Nel primo numero dell’anno del bimestrale Sotto Quirico, abbiamo pubblicato un articolo sulle osterie di un tempo presenti a Budrio. Non c’è da stupirsi se, agli inizi del ‘900, quasi ogni strada del centro di Budrio ospitasse una o più osterie. Il paese, con i suoi 17.400 abitanti, era uno dei più popolosi della provincia, principalmente a causa dell’agricoltura che coinvolgeva i due terzi della popolazione, in gran parte braccianti. Oltre alle numerose attività artigianali di qualità, la coltivazione della canapa era diffusa, esportata sui mercati nazionali ed internazionali, e le innovazioni tecniche avevano contribuito a sollevare le campagne dalla crisi agraria di fine Ottocento.
Nel periodo che va dalla fine dell’800 alla metà del Novecento, le osterie nel territorio bolognese prosperavano. A Budrio, se ne potevano contare una ventina, come documentato nel libro di Fedora Servetti Donati “Immagini di un paese nei suoi antichi soprannomi”.
Le ûstarì
Le ûstarì, chiamate con i soprannomi dei gestori, facevano parte della vita quotidiana e contribuivano ad arricchire l’immagine del paese. Il vino era un elemento di grande consumo tra i budriesi, offrendo un rifugio semplice ed efficace per alleviare le fatiche quotidiane.

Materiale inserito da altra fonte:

Lemma order_iso_size s pi : order_iso s pi -> size s = size pi.
Proof. by case/andP => /eqP. Qed.

Lemma order_iso_window_short s t pi : t <= size s < t + size pi ->
  order_iso (window (size pi) t s) pi = false.
Proof.
case/andP=> t_le short; apply/negP => /order_iso_size.
by rewrite size_window /minn; case: ltnP; lia.
Qed.

Lemma order_iso_eq s s' pi : size s = size s' ->
  (forall p q, p < size s -> q < size s ->
     (nth 0 s p < nth 0 s q) = (nth 0 s' p < nth 0 s' q)) ->
  order_iso s pi = order_iso s' pi.
Proof.
move=> ss' cmp; rewrite /order_iso ss'; congr andb.
apply: eq_in_all => p; rewrite mem_iota add0n => p_lt.
by apply: eq_in_all => q; rewrite mem_iota add0n => q_lt; rewrite cmp ?ss'.
Qed.

Lemma order_iso_map_addn c s pi : order_iso (map (addn c) s) pi = order_iso s pi.
Proof.
apply: order_iso_eq; rewrite ?size_map // => p q p_lt q_lt.
by rewrite !(nth_map 0) // ltn_add2l.
Qed.

(* The range of start positions no longer depends on pi: the extra positions carry
   windows shorter than pi. *)
Lemma cocc_count pi s :
  cocc pi s = count (fun t => order_iso (window (size pi) t s) pi) (iota 0 (size s).+1).
Proof.
rewrite /cocc; set P := fun t => _; case: ltnP => [short|long].
  apply/esym/eqP; rewrite -leqn0 leqNgt -has_count; apply/hasPn => t.
  by rewrite mem_iota => t_lt; rewrite /P order_iso_window_short //; lia.
rewrite -[(size s).+1](subnKC (_ : (size s - size pi).+1 <= (size s).+1)) ?ltnS ?leq_subr //.
rewrite iotaD count_cat -[LHS]addn0; congr (_ + _).
apply/esym/eqP; rewrite -leqn0 leqNgt -has_count; apply/hasPn => t.
by rewrite mem_iota => t_in; rewrite /P order_iso_window_short //; lia.
Qed.

Section CoccSubstConst.
Variables A B pi : seq nat.
Hypothesis permB : is_perm B.
Let a := size A.
Let b := size B.
Let k := size pi.
Let C := subst_const B A.
Let inA t := order_iso (window k t A) pi.
Let inC t := order_iso (window k t C) pi.

Lemma window_subst_const i r : i < b -> r + k <= a ->
  window k (i * a + r) C = map (addn (nth 0 B i * a)) (window k r A).
Proof.
move=> i_lt rk_le.
have ia_le : i * a + a <= b * a by rewrite -mulSnr leq_mul2r i_lt orbT.
have size_wC : size (window k (i * a + r) C) = k.
  by rewrite size_window /C size_subst_const /minn; case: ltnP; lia.
apply: (@eq_from_nth nat 0) => [|p].
  by rewrite size_wC size_map size_window /minn; case: ltnP; lia.
rewrite size_wC => p_lt_k.
rewrite (nth_map 0) ?size_window -/a ?leq_min ?p_lt_k /=; last by lia.
rewrite /window !nth_take // !nth_drop -addnA nth_subst_const //; lia.
Qed.

Lemma inC_block i r : i < b -> r + k <= a -> inC (i * a + r) = inA r.
Proof. by move=> i_lt rk_le; rewrite /inC window_subst_const // order_iso_map_addn. Qed.

Lemma count_inC_block i : i < b ->
  count inA (iota 0 a) <= count inC (iota (i * a) a) <= count inA (iota 0 a) + k.
Proof.
move=> i_lt; rewrite -[i * a]addn0 iotaDl count_map; apply/andP; split.
  apply: sub_in_count => r; rewrite mem_iota /= => r_lt inAr.
  case: (leqP (r + k) a) => [rk_le|rk_gt]; first by rewrite /= inC_block.
  by move: inAr; rewrite /inA order_iso_window_short //; lia.
apply: (@leq_trans (count (predU inA (fun r => a < r + k)) (iota 0 a))).
  apply: sub_in_count => r; rewrite mem_iota /= => r_lt inCr; apply/orP.
  case: (leqP (r + k) a) => [rk_le|]; last by right.
  by left; move: inCr; rewrite /= inC_block.
by rewrite (leq_trans (count_predU_le _ _ _)) // leq_add2l count_iota_tail_le.
Qed.

Lemma count_inC_blocks j : j <= b ->
  j * count inA (iota 0 a) <= count inC (iota 0 (j * a)) <= j * (count inA (iota 0 a) + k).
Proof.
elim: j => [|j IH] j_lt; first by rewrite !mul0n.
have /andP[lo hi] := IH (ltnW j_lt).
have /andP[lo' hi'] := @count_inC_block j j_lt.
rewrite (mulSnr j a) iotaD count_cat add0n !mulSnr.
by apply/andP; split; apply: leq_add.
Qed.

Lemma cocc_subst_const_bounds : 0 < b ->
  cocc pi C <= b * (cocc pi A + k) /\ b * cocc pi A <= cocc pi C + b.
Proof.
move=> b_gt0; rewrite !cocc_count -/k /C size_subst_const -/C -/a -/b.
rewrite -[a.+1]addn1 -[(b * a).+1]addn1 !iotaD !count_cat /= !add0n !addn0.
have -> : window k (b * a) C = window k a A.
  by rewrite /window !drop_oversize ?size_subst_const.
have /andP[] := @count_inC_blocks b (leqnn b); rewrite /inA /inC.
move: (count _ (iota 0 a)) (count _ (iota 0 (b * a))) => cA cC.
by case: (order_iso _ pi); rewrite !mulnDr ?muln0 ?muln1; lia.
Qed.

End CoccSubstConst.

(** * Occurrences *)

Definition mask_set {n} (I : {set 'I_n}) (s : seq nat) :=
  mask [seq i \in I | i <- enum 'I_n] s.

Lemma occE n pi s : size s = n ->
  occ pi s = #|[set I : {set 'I_n} | order_iso (mask_set I s) pi]|.
Proof. by move=> <-. Qed.

Lemma mask_setE n (I : {set 'I_n}) s : size s = n ->
  mask_set I s = [seq nth 0 s i | i : 'I_n <- enum I].
Proof.
move=> size_s.
have {1}-> : s = [seq nth 0 s i | i : 'I_n <- enum 'I_n].
  by rewrite (map_comp (nth 0 s) val) val_enum_ord -size_s -/(mkseq _ _) mkseq_nth.
by rewrite /mask_set -map_mask -filter_mask enumT.
Qed.

Lemma size_mask_set n (I : {set 'I_n}) s : size s = n -> size (mask_set I s) = #|I|.
Proof. by move=> size_s; rewrite mask_setE // size_map cardE. Qed.

Lemma sorted_enum_set n (I : {set 'I_n}) : sorted (fun i j : 'I_n => i < j) (enum I).
Proof.
rewrite (_ : enum I = [seq i <- enum 'I_n | i \in I]); last by rewrite enumT.
apply: sorted_filter; first by move=> i j l; apply: ltn_trans.
by have := iota_ltn_sorted 0 n; rewrite -val_enum_ord sorted_map.
Qed.

Lemma order_iso_map (T : eqType) (e : seq T) (F G : T -> nat) pi :
  {in e &, forall x y, (F x < F y) = (G x < G y)} ->
  order_iso (map F e) pi = order_iso (map G e) pi.
Proof.
move=> FG; apply: order_iso_eq; rewrite ?size_map // => p q p_lt q_lt.
case: e FG p_lt q_lt => [//|x0 e] FG p_lt q_lt.
by rewrite !(nth_map x0) // FG // mem_nth.
Qed.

Alcune osterie, durante l’inverno, offrivano anche piatti come minestra e polenta con il cosiddetto umidòn. La presenza di osterie che servivano cibo rappresentava un rifugio per coloro che cercavano conforto nelle fredde giornate invernali. La “TRATTORIA DELL’AURORA,” gestita dai fratelli Poggi, offriva specialità come i tortellini in brodo di cappone e polpette di carne frusta.
Servetti Donati descrive che durante la stagione fredda, il calore naturale proveniente dal vino e il poco calore dalla cucina del proprietario costituivano spesso l’unico riscaldamento nelle osterie. Tuttavia, alcuni locali, come L’USTARÌ DI TRI MORI si distinguevano per la presenza di un camino con una grande cappa, dove i clienti potevano pagare per ottenere un po’ di calore.
Fedora racconta di gesti di solidarietà, come quando alcuni, dopo aver pagato una fascina per il fuoco, suggeriva ad altri braccianti di andare a scaldarsi vicino al fuoco ancora acceso.
La presenza di osterie, soprattutto quelle che offrivano cibo, rappresentava un rifugio prezioso.
Ma le osterie di Budrio, con i loro nomi curiosi e soprannomi caratteristici, non erano solo luoghi di ristoro, ma veri e propri teatri di vita quotidiana, testimonianze di solidarietà e luoghi di socializzazione in un’epoca ricca di sfumature e peculiarità. Molte offrivano anche intrattenimento, come la “Trattoria dell’Aurora” che organizzava spettacoli teatrali all’aperto durante l’estate, attrattiva per il pubblico proveniente da Budrio e dintorni.
La USTARì ED CANÈLA, gestita dal figlio di Vincenzo Bondi, Clementén detto Canèla, era particolarmente significativa nel panorama del paese, con una clientela variegata di operai, braccianti, artigiani, borghesi “progressisti,” insegnanti e commercianti.
Nella lista stilata da Fedora compaiono nomi originali, come L’USTARÌ ED SÈT E OT in Via Andrea Costa, così chiamata per la vendita di vino puro a sette e otto soldi la bottiglia. L’USTARÌ DLA BUSA DAL PÉSS, nonostante il nome poco invitante, era così chiamata a causa della presenza di due “vespasiani” (orinatoi) nelle vicinanze. L’USTARÌ DI TRI SCALÉN, con i suoi tre scalini, si trovava all’inizio di Via Zaniboni. L’USTARÌ DLA TUGNINA in Via Cocchi, serviva il miglior lambrusco di Budrio.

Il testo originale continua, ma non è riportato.